Vigna incana Taub.
Vigna decipiens Harv.
Vigna longiloba Burtt Davy
Vigna pongolensis Burtt Davy
Vigna pseudotriloba Harms
Vigna debanensis Martelli
Vigna esculenta (De Wild.) De Wild.
Liebrechtsia esculenta De Wild.
Vigna fragrans Baker f.
Vigna harmsiana Buscal. & Muschl.
Vigna violacea Hutch.
Vigna glandulosa Chiov.
Vigna keniensis Harms
Vigna sudanica Baker f.
Vigna taubertii Volkens ex Harms
Vigna ledermannii Harms
Vigna kotschyi Schweinf.
Liebrechtsia kotschyi (Schweinf.) De Wild.
Vigna neumannii Harms
Vigna buchneri Harms
Vigna spartioides Taub.
Liebrechtsia spartioides (Taub.) De Wild.
Liebrechtsia katangensis De Wild.
Vigna katangensis (De Wild.) T.Durand & H.Durand
Liebrechtsia schweinfurthii De Wild.
Vigna frutescens is a herbaceous perennial plant growing from a woody rootstock (the tuber is often 5cm wide). The stems scramble over the ground, twining into the surrounding vegetation for support; they are usually 50 - 150cm long, but can be up to 400cm when supported by other plants.
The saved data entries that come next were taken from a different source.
Lemma lim_sup_set_geometric0 d (T : measurableType d) (R : realType)
    (mu : measure T R) (F : (set T)^nat) (c x : R) :
  (forall k, measurable (F k)) -> 0 <= c -> 0 < x -> x < 1 ->
  (forall k, (mu (F k) <= (c * x ^+ k)%:E)%E) -> mu (lim_sup_set F) = 0%E.
Proof.
move=> mF c0 x0 x1 muF; apply: lim_sup_set_cvg0 => //.
apply: le_lt_trans; first apply: (lee_nneseries (v := fun k => (c * x ^+ k)%:E)).
- by move=> *; exact: measure_ge0.
- by move=> k _; exact: muF.
apply: (@le_lt_trans _ _ (c / (1 - x))%:E); last exact: ltry.
apply: lime_le.
  by apply: is_cvg_nneseries => k _ _; rewrite lee_fin mulr_ge0 // exprn_ge0 // ltW.
apply: nearW => n; rewrite sumEFin lee_fin.
have nx : `|x| < 1 by rewrite ger0_norm // ltW.
by have := geometric_le_lim n c0 x0 nx; rewrite /series /= /geometric.
Qed.

Section bernoulli_growth.
Context d (T : measurableType d) (R : realType) (P : probability T R)
  (gamma : R) (Z : nat -> T -> nat).
Hypotheses (hZ : bernoulli_growth_seq P gamma Z) (gamma_ge0 : 0 <= gamma).

Let mZ n k : measurable (Z n @^-1` [set k]).
Proof. by case: hZ => mZ _; exact: mZ. Qed.

Lemma prob_growth_event j : (0 < j)%N ->
  P (growth_event Z j) = ((j%:R : R) `^ (- gamma))%:E.
Proof.
move=> j0; have [_ [law _]] := hZ; have [_ law0] := law j j0.
rewrite growth_eventE probability_setC ?law0; last exact: mZ.
by rewrite -[1%E]/(1%:E) -EFinB subKr.
Qed.

Lemma prob_Z_notin01 j : (0 < j)%N ->
  P (~` (Z j @^-1` [set 0%N] `|` Z j @^-1` [set 1%N])) = 0%E.
Proof.
move=> j0; have [_ [law _]] := hZ; have [law1 law0] := law j j0.
rewrite probability_setC; last by apply: measurableU; exact: mZ.
rewrite measureU; [|exact: mZ|exact: mZ|]; last first.
  by apply/seteqP; split => w //= [->].
by move: law0 law1; rewrite /preimage /= => -> ->; rewrite -EFinD subrK subrr.
Qed.

Lemma prob_growth_event2 a b : (0 < a)%N -> (a < b)%N ->
  (P (growth_event Z a `&` growth_event Z b) <=
   ((a%:R : R) `^ (- gamma) * (b%:R : R) `^ (- gamma))%:E)%E.
Proof.
move=> a0 ab; have b0 := ltn_trans a0 ab; have [_ [law indep]] := hZ.
pose ones := Z a @^-1` [set 1%N] `&` Z b @^-1` [set 1%N].
pose other j := ~` (Z j @^-1` [set 0%N] `|` Z j @^-1` [set 1%N]).
have m_ones : measurable ones by apply: measurableI; exact: mZ.
have m_other j : measurable (other j).
  by apply/measurableC/measurableU; exact: mZ.
(* Independence is only assumed for the level sets of the Z_i, and Z_j takes
   values in {0, 1} only almost surely. *)
have P_ones : P ones = ((a%:R : R) `^ (- gamma) * (b%:R : R) `^ (- gamma))%:E.
  have := indep [:: a; b] (fun=> 1%N).
  rewrite !big_cons !big_nil setIT mule1 (proj1 (law a a0)) (proj1 (law b b0)).
  by rewrite -EFinM; apply; rewrite /= ?inE ?andbT ?neq_ltn ?ab ?a0 ?b0.
have sub : growth_event Z a `&` growth_event Z b `<=` ones `|` (other a `|` other b).
  move=> w [za zb]; rewrite /growth_event /= in za zb.
  case: (Z a w =P 1%N) => [a1|a1]; last by right; left => -[/= a0'|//]; rewrite a0' in za.
  case: (Z b w =P 1%N) => [b1|b1]; last by right; right => -[/= b0'|//]; rewrite b0' in zb.
  by left.
have m_others : measurable (other a `|` other b) by exact: measurableU.
have null : P (other a `|` other b) = 0%E.
  by apply: null_set_setU => //; exact: prob_Z_notin01.
have le_union : (P (growth_event Z a `&` growth_event Z b) <=
                 P (ones `|` (other a `|` other b)))%E.
  apply: le_measure sub; rewrite inE; last exact: measurableU.
  by apply: measurableI; exact: measurable_growth_event mZ _.
by rewrite (le_trans le_union) // (measureU0 m_ones m_others null) -P_ones.
Qed.

Lemma prob_growth_count_ge (c : R) n : 0 < c ->
  (P [set w | (c <= (growth_count (Z^~ w) n)%:R)%R] <=
   (c^-1 * \sum_(0 <= j < n) (j.+1%:R : R) `^ (- gamma))%:E)%E.
Proof.
move=> c0; rewrite EFinM lee_pdivlMl //.
have := le_integral_comp_abse P measurableT (f := id) (@measurable_id _ _ setT)
  (fun _ h => h) (fun _ _ _ _ h => h) (measurable_growth_count mZ n) c0.
rewrite (_ : [set: T] `&` _ = [set w | c <= (growth_count (Z^~ w) n)%:R]); last first.
  by apply/seteqP; split => w /=; rewrite ger0_norm ?ler0n ?lee_fin // => -[].
move/le_trans; apply.
rewrite (eq_integral (fun w => \sum_(0 <= j < n) (\1_(growth_event Z j.+1) w : R)%:E)%E); last first.
  by move=> w _; rewrite gee0_abs ?lee_fin // growth_count_indic.
rewrite ge0_integral_sum //; last first.
  by move=> j; apply/measurable_EFinP; exact/measurable_indic/(measurable_growth_event mZ).
rewrite -sumEFin lee_sum // => j _.
rewrite integral_indic ?setIT //; last exact: measurable_growth_event mZ _.
by rewrite -(prob_growth_event (ltn0Sn j)).
Qed.

Lemma prob_pair_block k L :
  (P (pair_block Z k L) <= (L%:R * (2 * 2 `^ (- gamma) ^+ 2) ^+ k)%:E)%E.
Proof.
set r : R := 2 `^ (- gamma).
have pair n j : (P (growth_event Z (2 ^ k + n) `&` growth_event Z (2 ^ k + n + j.+1))
    <= (r ^+ k * r ^+ k)%:E)%E.
  apply: (le_trans (prob_growth_event2 _ _)).
  - by rewrite addn_gt0 expn_gt0.
  - by rewrite addnS ltnS leq_addr.
  by rewrite lee_fin ler_pM ?powR_ge0 ?powRN_le_dyadic // -?addnA leq_addr.
have -> : L%:R * (2 * r ^+ 2) ^+ k = \sum_(n < 2 ^ k) \sum_(j < L) r ^+ k * r ^+ k.
  rewrite !sumr_const !card_ord -mulrnA -[_ *+ (L * 2 ^ k)]mulr_natl natrM natrX.
  by rewrite exprMn -exprM mul2n -addnn exprD !mulrA.
pose E n j := growth_event Z (2 ^ k + n) `&` growth_event Z (2 ^ k + n + j.+1).
have mE n j : measurable (E n j).
  by apply: measurableI; exact: measurable_growth_event mZ _.
apply: (le_trans (@Boole_inequality _ _ _ P
  (fun n => \big[setU/set0]_(j < L) E n j) (2 ^ k) _)).
  by move=> n _; apply: bigsetU_measurable => j _.
rewrite -sumEFin lee_sum // => n _.
apply: (le_trans (@Boole_inequality _ _ _ P (E n) L _)) => //.
by rewrite -sumEFin lee_sum // => j _; exact: pair.
Qed.

Lemma prob_growth_count_dyadic (sig : R) k : 0 < sig -> gamma < 1 ->
  (P [set w | (sig ^+ k.+1 <= (growth_count (Z^~ w) (2 ^ k.+1))%:R)%R] <=
   (2 `^ (1 - gamma) / (2 `^ (1 - gamma) - 1) *
    (2 `^ (1 - gamma) / sig) ^+ k.+1)%:E)%E.
Proof.
move=> sig0 g1; set s := 2 `^ (1 - gamma).
have s1 : 1 < s by rewrite powR_gt1 ?ltr1n // subr_gt0.
apply: (le_trans (prob_growth_count_ge _ (exprn_gt0 k.+1 sig0))).
rewrite lee_fin (le_trans (ler_wpM2l _ (sum_powRN_dyadic k.+1 gamma_ge0 g1))) //.
  by rewrite invr_ge0 exprn_ge0 // ltW.
rewrite exprMn exprVn le_eqVlt; apply/orP; left; apply/eqP.
by rewrite /s !exprS; field; rewrite !gt_eqF ?exprn_gt0 ?subr_gt0.
Qed.

Lemma prob_dyadic_bad_event (sig e : R) k : 0 < sig -> gamma < 1 ->
  (P (dyadic_bad_event Z sig e k) <=
   (2 `^ (1 - gamma) / (2 `^ (1 - gamma) - 1) * (2 `^ (1 - gamma) / sig) ^+ k.+1 +
    sig `^ (1 + e) * (2 * 2 `^ (- gamma) ^+ 2 * sig `^ (1 + e)) ^+ k)%:E)%E.
Proof.
move=> sig0 g1; set q := sig `^ (1 + e).
have L_le : ((Num.truncn (q ^+ k.+1))%:R : R) <= q ^+ k.+1.
  by rewrite truncn_le exprn_ge0 // powR_ge0.
apply: (le_trans (measureU2 _ (measurable_growth_count_ge mZ _ _)
                               (measurable_pair_block mZ _ _))).
apply: (le_trans (leeD (prob_growth_count_dyadic k sig0 g1) (prob_pair_block k _))).
rewrite -EFinD lee_fin lerD2l (le_trans (ler_wpM2r _ L_le)) //.
by rewrite exprS -[q * _ * _]mulrA -exprMn [q * (2 * _)]mulrC.
Qed.

Lemma dyadic_bad_event_null (a e : R) :
  gamma < 1 -> 0 <= e -> 1 - gamma < a -> a * (1 + e) < 2 * gamma - 1 ->
  P (lim_sup_set (dyadic_bad_event Z (2 `^ a) e)) = 0%E.
Proof.
move=> g1 e0 a_gt a_lt; have sig0 : 0 < 2 `^ a :> R by rewrite powR_gt0.
set s := 2 `^ (1 - gamma).
have s1 : 1 < s by rewrite powR_gt1 ?ltr1n // subr_gt0.
set rho1 := s / 2 `^ a; set rho2 := 2 * 2 `^ (- gamma) ^+ 2 * 2 `^ a `^ (1 + e).
have rho1E : rho1 = 2 `^ (1 - gamma - a).
  by rewrite /rho1 /s -[1 - gamma](subrK a) gt0_powRD // mulfK ?gt_eqF // addrK.
have rho2E : rho2 = 2 `^ (1 + (- gamma + (- gamma + a * (1 + e)))).
  by rewrite /rho2 -powRrM !gt0_powRD // powRr1 // expr2 !mulrA.
have rho1_gt0 : 0 < rho1 by rewrite rho1E powR_gt0.
have rho2_ge0 : 0 <= rho2 by rewrite rho2E powR_ge0.
have rho1_lt1 : rho1 < 1 by rewrite rho1E powR_lt1 ?ltr1n //; lra.
have rho2_lt1 : rho2 < 1 by rewrite rho2E powR_lt1 ?ltr1n //; lra.
have C_ge0 : 0 <= s / (s - 1) by rewrite divr_ge0 ?subr_ge0 ?ltW // (lt_trans ltr01).
set rho := Num.max rho1 rho2.
apply: (lim_sup_set_geometric0 (c := s / (s - 1) * rho1 + 2 `^ a `^ (1 + e)) (x := rho)).
- by move=> k; apply: (measurable_dyadic_bad_event mZ).
- by rewrite addr_ge0 ?powR_ge0 // mulr_ge0 // ltW.
- by rewrite lt_max rho1_gt0.
- by rewrite gt_max rho1_lt1.
move=> k; have le_rho x : 0 <= x -> x <= rho -> x ^+ k <= rho ^+ k.
  by move=> x0 x_rho; apply: lerXn2r; rewrite ?nnegrE // (le_trans x0 x_rho).
apply: (le_trans (prob_dyadic_bad_event e k sig0 g1)).
rewrite -/s -/rho1 -/rho2 lee_fin mulrDl exprS mulrA lerD //.
  rewrite ler_wpM2l ?(mulr_ge0 C_ge0 (ltW rho1_gt0)) // le_rho ?(ltW rho1_gt0) //.
  by rewrite /rho le_max lexx.
by rewrite ler_wpM2l ?powR_ge0 // le_rho // /rho le_max lexx orbT.
Qed.

End bernoulli_growth.

Lemma exists_dyadic_exponents (R : realType) (gamma eps : R) :
  2 / 3 < gamma -> gamma < 1 -> eps < gamma / (1 - gamma) - 2 ->
  exists e a : R,
    [/\ 0 <= e, eps <= e, 1 - gamma < a & a * (1 + e) < 2 * gamma - 1].
Proof.
move=> g23 g1 heps; set e := Num.max eps 0.
have [eps_e e0] : eps <= e /\ 0 <= e by rewrite /e !le_max !lexx orbT.
have slack : (1 - gamma) * (1 + e) < 2 * gamma - 1.
  set odds := gamma / (1 - gamma) in heps *.
  have oddsE : odds * (1 - gamma) = gamma by rewrite mulfVK //; apply/eqP; lra.
  have odds_gt2 : 2 < odds by nra.
  have e_lt : e < odds - 2 by rewrite /e; case: (leP eps 0) => _; lra.
  nra.
exists e, ((1 - gamma + (2 * gamma - 1) / (1 + e)) / 2); split => //.
  by move: slack; rewrite -ltr_pdivlMr; lra.
rewrite mulrAC mulrDl mulfVK; last by apply/eqP; lra.
lra.
Qed.

Theorem lemma4p2 (d : measure_display) (T : measurableType d) (R : realType)
    (P : probability T R) (gamma eps : R) (Z : nat -> T -> nat) :
  2 / 3 < gamma -> gamma < 1 ->
  bernoulli_growth_seq P gamma Z ->
  eps < gamma / (1 - gamma) - 2 ->
  P [set w | short_gap_io eps (fun n => Z n w)] = 0%E.
Proof.
move=> g23 g1 hZ heps.
have [e [a [e0 eps_e a_gt a_lt]]] := exists_dyadic_exponents g23 g1 heps.
have mZ : forall n k, measurable (Z n @^-1` [set k]) by case: hZ.
apply: (subset_measure0 (measurable_short_gap_io mZ eps)
  (lim_sup_set_measurable (measurable_dyadic_bad_event mZ (2 `^ a) e))
  (short_gap_io_sub_lim_sup e0 eps_e (powR_ge0 2 a))).
have g0 : 0 <= gamma by lra.
exact: (dyadic_bad_event_null hZ g0 g1 e0 a_gt a_lt).
Qed.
After being cut back by fire, the plant will often start flowering when the stems are only 7 - 20cm long and still erect, before the leaves appear[
The plant is harvested from the wild for its root, which is used locally as a food. The plant bears fragrant, beautiful lavender-violet flowers and is sometimes grown as an ornamental in gardens[
Africa - widespread from Ghana to Eritrea and Ethiopia, south to S. Africa, but absent from the areas of heavier rainfall.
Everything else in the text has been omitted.